- Activity
Nothing but the lines from the one containing "by rewrite /f_last" through the one containing "elim: m al be => [|m IH] al be hm.", both included, should be given again, each exactly as written below.

- Material provided
(* Let $D$ be a chain BN on $X_1,\dots,X_n$ with all conditional probabilities in $(0,1)$, let $f(x)=x_n$, and let $D_{k,\mu}=\mu_{k,1}-\mu_{k,0}$ and $D_{k,\sigma}=\sigma_{k,1}-\sigma_{k,0}$ (signed). Then $$\sum_{S\subseteq[n]}\hat f_S=\sum_{k=1}^{n}(\mu_{k,0}+\sigma_{k,0})\prod_{\ell=k+1}^{n}(D_{\ell,\mu}+D_{\ell,\sigma}).$$
   Context: A chain BN on $X_1,\dots,X_n$ has $\operatorname{pa}(1)=\emptyset$, $\operatorname{pa}(i)=\{i-1\}$ for $i\ge2$; $\mu_{i,b}=P(X_i=1\mid X_{i-1}=b)$, $\sigma_{i,b}=\sqrt{\mu_{i,b}(1-\mu_{i,b})}$ for $i\ge2$, $b\in\{0,1\}$; for the root, $\mu_{1,0}=\mu_{1,1}=P(X_1=1)$ and $\sigma_{1,0}=\sigma_{1,1}=\sqrt{\mu_{1,0}(1-\mu_{1,0})}$. The BN-induced basis is $\phi_i(x)=(x_i-\mu_{i,x_{i-1}})/\sigma_{i,x_{i-1}}$ (root: $(x_1-\mu_{1,0})/\sigma_{1,0}$), $\phi_S=\prod_{i\in S}\phi_i$, and $\hat f_S=\mathbb{E}_D[f(X)\phi_S(X)]$. *)

From HB Require Import structures.
From mathcomp Require Import all_boot all_order all_algebra.
Set Implicit Arguments. Unset Strict Implicit. Unset Printing Implicit Defensive.
Import Order.TTheory GRing.Theory Num.Theory.
Local Open Scope ring_scope.

Section ChainBN.
Variable R : rcfType.
Variable n : nat.
(* p1 = P(X_1 = 1); q k b = P(X_k = 1 | X_{k-1} = b) for 2 <= k <= n. *)
Variable p1 : R.
Variable q : nat -> bool -> R.

(* value of X_k (1-based) in the assignment x; X_0 is a dummy (false) *)
Definition xv (x : {ffun 'I_n -> bool}) (k : nat) : bool :=
  if k is k'.+1 then (if insub k' is Some i then x i else false) else false.

Definition mu (k : nat) (b : bool) : R := if k == 1%N then p1 else q k b.
Definition sigma (k : nat) (b : bool) : R := Num.sqrt (mu k b * (1 - mu k b)).

Definition prob (x : {ffun 'I_n -> bool}) : R :=
  \prod_(1 <= k < n.+1)
     (if xv x k then mu k (xv x k.-1) else 1 - mu k (xv x k.-1)).

Definition expect (g : {ffun 'I_n -> bool} -> R) : R :=
  \sum_(x : {ffun 'I_n -> bool}) prob x * g x.

Definition phi (k : nat) (x : {ffun 'I_n -> bool}) : R :=
  ((xv x k)%:R - mu k (xv x k.-1)) / sigma k (xv x k.-1).

(* phi_S for S a subset of [n] (element i : 'I_n stands for index i+1) *)
Definition phiS (S : {set 'I_n}) (x : {ffun 'I_n -> bool}) : R :=
  \prod_(i in S) phi i.+1 x.

Definition fhat (f : {ffun 'I_n -> bool} -> R) (S : {set 'I_n}) : R :=
  expect (fun x => f x * phiS S x).

Definition f_last (x : {ffun 'I_n -> bool}) : R := (xv x n)%:R.

Definition Dmu (k : nat) : R := mu k true - mu k false.
Definition Dsig (k : nat) : R := sigma k true - sigma k false.

End ChainBN.

(* Since [sum_S phi_S = prod_k (1 + phi_k)], the left-hand side is the expectation of
   [X_n * prod_k (1 + phi_k)].  Summing the chain out from the root, each factor acts on
   functions of the current state by the transfer operator
   [g |-> (a |-> E[(1 + phi_k) g(X_k) | X_{k-1} = a])], which maps an affine function
   [b |-> al + be * b] to the affine function [a |-> al + be * (mu_{k,a} + sigma_{k,a})],
   because [E[(1 + phi_k) X_k | X_{k-1} = a] = mu_{k,a} + sigma_{k,a}].  Reading off the
   coefficients gives a Horner scheme whose expansion is the right-hand side. *)
From Pilot Require Import Defs.
From HB Require Import structures.
From mathcomp Require Import all_boot all_order all_algebra.
From mathcomp Require Import ring.
Set Implicit Arguments. Unset Strict Implicit. Unset Printing Implicit Defensive.
Import Order.TTheory GRing.Theory Num.Theory.
Local Open Scope ring_scope.

Lemma xv_lt m (x : {ffun 'I_m -> bool}) k (h : (k < m)%N) : xv x k.+1 = x (Ordinal h).
Proof. by rewrite /= insubT. Qed.

Lemma xv_ge m (x : {ffun 'I_m -> bool}) k : (m <= k)%N -> xv x k.+1 = false.
Proof. by move=> h; rewrite /= insubF // ltnNge h. Qed.

Definition ffun_rcons m (y : {ffun 'I_m -> bool}) (b : bool) : {ffun 'I_m.+1 -> bool} :=
  [ffun i : 'I_m.+1 => oapp y b (insub (val i) : option 'I_m)].

Lemma xv_rcons m (y : {ffun 'I_m -> bool}) b k :
  xv (ffun_rcons y b) k = if k == m.+1 then b else xv y k.
Proof.
case: k => [|k] //; rewrite eqSS.
have [hk|hk] := ltnP k m.
  have hk' : (k < m.+1)%N by rewrite ltnS ltnW.
  by rewrite (xv_lt _ hk) (xv_lt _ hk') ffunE /= insubT /= (ltn_eqF hk).
rewrite (xv_ge y hk); case: eqP => [->|/eqP hne].
  by rewrite (xv_lt _ (ltnSn m)) ffunE /= insubF // ltnn.
by rewrite xv_ge // ltn_neqAle eq_sym hne.
Qed.

Lemma ffun_rcons_bij m :
  bijective (fun p : {ffun 'I_m -> bool} * bool => ffun_rcons p.1 p.2).
Proof.
exists (fun x : {ffun 'I_m.+1 -> bool} =>
  ([ffun j : 'I_m => x (widen_ord (leqnSn m) j)], x ord_max)).
  case=> y b /=; congr pair; last by rewrite ffunE /= insubF // ltnn.
  by apply/ffunP=> j; rewrite !ffunE /= valK.
move=> x; apply/ffunP=> i; rewrite ffunE /=.
case: insubP => [j _ ej|hi] /=.
  by rewrite ffunE; congr (x _); apply: val_inj.
congr (x _); apply: val_inj => /=.
by apply/eqP; rewrite eqn_leq leqNgt hi -ltnS ltn_ord.
Qed.

Lemma sum_set_prod (R : comPzRingType) m (F : 'I_m -> R) :
  \sum_(S : {set 'I_m}) \prod_(i in S) F i = \prod_(i : 'I_m) (1 + F i).
Proof.
under [RHS]eq_bigr do rewrite addrC.
by rewrite (bigA_distr _ _ F (fun _ => 1)); apply: eq_bigr => S _; rewrite big_mkcond.
Qed.

Section ChainSum.
Variables (R : comPzRingType) (w : nat -> bool -> bool -> R).

(* [w k a b] is the weight of the transition [X_{k-1} = a -> X_k = b]; [X_0 = false]. *)
Definition chain_sum m (g : bool -> R) : R :=
  \sum_(x : {ffun 'I_m -> bool})
    (\prod_(1 <= k < m.+1) w k (xv x k.-1) (xv x k)) * g (xv x m).

Definition transfer k (g : bool -> R) (a : bool) : R := \sum_(b : bool) w k a b * g b.

Lemma chain_sum0 g : chain_sum 0 g = g false.
Proof.
rewrite /chain_sum (big_pred1 [ffun i : 'I_0 => false]); last first.
  by move=> x /=; apply/esym/eqP/ffunP => -[].
by rewrite big_geq // mul1r.
Qed.

Lemma chain_sumS m g : chain_sum m.+1 g = chain_sum m (transfer m.+1 g).
Proof.
rewrite /chain_sum (reindex _ (onW_bij _ (ffun_rcons_bij m))) /=.
rewrite -(pair_bigA _ (fun y b => \prod_(1 <= k < m.+2)
  w k (xv (ffun_rcons y b) k.-1) (xv (ffun_rcons y b) k) * g (xv (ffun_rcons y b) m.+1))).
apply: eq_bigr => y _; rewrite /transfer big_distrr; apply: eq_bigr => b _.
rewrite big_nat_recr // !xv_rcons eqxx (ltn_eqF (ltnSn m)) -!mulrA; congr (_ * _).
apply: eq_big_nat => k /andP [_ hk].
by rewrite !xv_rcons (ltn_eqF hk) ltn_eqF // (leq_ltn_trans (leq_pred k) hk).
Qed.

Lemma eq_chain_sum m g1 g2 : g1 =1 g2 -> chain_sum m g1 = chain_sum m g2.
Proof. by move=> e; apply: eq_bigr => x _; rewrite e. Qed.

End ChainSum.

Lemma bernoulli_tilt_affine (R : rcfType) (u al be : R) : 0 < u < 1 ->
  let s := Num.sqrt (u * (1 - u)) in
  \sum_(b : bool) (if b then u else 1 - u) * (1 + (b%:R - u) / s) * (al + be * b%:R)
  = al + be * (u + s).
Proof.
move=> /andP [u0 u1] s.
have hs2 : s ^+ 2 = u * (1 - u) by rewrite sqr_sqrtr // mulr_ge0 ?subr_ge0 ?ltW.
have s0 : s != 0 by rewrite gt_eqF // sqrtr_gt0 mulr_gt0 // subr_gt0.
rewrite big_bool /=; apply/eqP; rewrite -subr_eq0; apply/eqP.
transitivity ((u * (1 - u) - s ^+ 2) * be / s); last by rewrite hs2 subrr !mul0r.
by field.
Qed.

Section ChainFourier.
Variables (R : rcfType) (n : nat) (p1 : R) (q : nat -> bool -> R).
Hypothesis hp1 : 0 < p1 < 1.
Hypothesis hq : forall k b, (2 <= k <= n)%N -> 0 < q k b < 1.

Local Notation mu := (mu p1 q).
Local Notation sigma := (sigma p1 q).

Definition tilted_weight k (a b : bool) : R :=
  (if b then mu k a else 1 - mu k a) * (1 + (b%:R - mu k a) / sigma k a).

Lemma mu_in01 k a : (1 <= k <= n)%N -> 0 < mu k a < 1.
Proof.
move=> /andP [h1 h2]; rewrite /Defs.mu; case: eqP => [//|/eqP hk].
by apply: hq; rewrite h2 andbT ltn_neqAle eq_sym hk.
Qed.

Lemma sum_fhat_last :
  \sum_(S : {set 'I_n}) fhat p1 q (@f_last R n) S
  = chain_sum tilted_weight n (fun b => b%:R).
Proof.
rewrite /fhat /expect exchange_big; apply: eq_bigr => x _.
rewrite -big_distrr -big_distrr /= /phiS sum_set_prod.
have -> : \prod_(i : 'I_n) (1 + phi p1 q i.+1 x) = \prod_(1 <= k < n.+1) (1 + phi p1 q k x).
  by rewrite big_add1 /= big_mkord.
by rewrite /f_last mulrCA mulrC /prob -big_split.
Qed.

Definition horner_rhs m : R :=
  \sum_(1 <= k < m.+1) (mu k false + sigma k false) *
     \prod_(k.+1 <= l < m.+1) (Dmu p1 q l + Dsig p1 q l).

Lemma horner_rhsS m :
  horner_rhs m.+1 = mu m.+1 false + sigma m.+1 false
                    + (Dmu p1 q m.+1 + Dsig p1 q m.+1) * horner_rhs m.
Proof.
rewrite /horner_rhs big_nat_recr //= [\prod_(m.+2 <= l < m.+2) _]big_geq //.
rewrite mulr1 addrC big_distrr /=.
congr (_ + _); apply: eq_big_nat => k /andP [_ hk].
by rewrite big_nat_recr //=; ring.
Qed.

Lemma transfer_affine k (al be : R) a : (1 <= k <= n)%N ->
  transfer tilted_weight k (fun b => al + be * b%:R) a
  = al + be * (mu k false + sigma k false)
    + be * (Dmu p1 q k + Dsig p1 q k) * a%:R.
Proof.
move=> hk; rewrite /transfer (bernoulli_tilt_affine _ _ (mu_in01 a hk)).
rewrite -/(sigma k a); case: a; rewrite /Dmu /Dsig /=; ring.
Qed.

Lemma chain_sum_affine m (al be : R) : (m <= n)%N ->
  chain_sum tilted_weight m (fun b => al + be * b%:R) = al + be * horner_rhs m.
Proof.
elim: m al be => [|m IH] al be hm.
  by rewrite chain_sum0 /horner_rhs big_geq // mulr0.
have hk : (1 <= m.+1 <= n)%N by rewrite hm.
rewrite chain_sumS (eq_chain_sum _ _ (fun a => transfer_affine al be a hk)).
by rewrite IH ?(ltnW hm) // horner_rhsS; ring.
Qed.

End ChainFourier.

Theorem mainTheorem11 (R : rcfType) (n : nat) (hn : (0 < n)%N)
  (p1 : R) (q : nat -> bool -> R)
  (hp1 : 0 < p1 < 1)
  (hq : forall k b, (2 <= k <= n)%N -> 0 < q k b < 1) :
  \sum_(S : {set 'I_n}) fhat p1 q (@f_last R n) S =
  \sum_(1 <= k < n.+1)
     (mu p1 q k false + sigma p1 q k false) *
     \prod_(k.+1 <= l < n.+1) (Dmu p1 q l + Dsig p1 q l).
Proof.
rewrite sum_fhat_last.
transitivity (chain_sum (tilted_weight p1 q) n (fun b => 0 + 1 * b%:R)).
  by apply: eq_chain_sum => b; rewrite add0r mul1r.
by rewrite (chain_sum_affine hp1 hq 0 1 (leqnn n)) add0r mul1r.
Qed.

- Solution for this problem
by rewrite /f_last mulrCA mulrC /prob -big_split.
Qed.

Definition horner_rhs m : R :=
  \sum_(1 <= k < m.+1) (mu k false + sigma k false) *
     \prod_(k.+1 <= l < m.+1) (Dmu p1 q l + Dsig p1 q l).

Lemma horner_rhsS m :
  horner_rhs m.+1 = mu m.+1 false + sigma m.+1 false
                    + (Dmu p1 q m.+1 + Dsig p1 q m.+1) * horner_rhs m.
Proof.
rewrite /horner_rhs big_nat_recr //= [\prod_(m.+2 <= l < m.+2) _]big_geq //.
rewrite mulr1 addrC big_distrr /=.
congr (_ + _); apply: eq_big_nat => k /andP [_ hk].
by rewrite big_nat_recr //=; ring.
Qed.

Lemma transfer_affine k (al be : R) a : (1 <= k <= n)%N ->
  transfer tilted_weight k (fun b => al + be * b%:R) a
  = al + be * (mu k false + sigma k false)
    + be * (Dmu p1 q k + Dsig p1 q k) * a%:R.
Proof.
move=> hk; rewrite /transfer (bernoulli_tilt_affine _ _ (mu_in01 a hk)).
rewrite -/(sigma k a); case: a; rewrite /Dmu /Dsig /=; ring.
Qed.

Lemma chain_sum_affine m (al be : R) : (m <= n)%N ->
  chain_sum tilted_weight m (fun b => al + be * b%:R) = al + be * horner_rhs m.
Proof.
elim: m al be => [|m IH] al be hm.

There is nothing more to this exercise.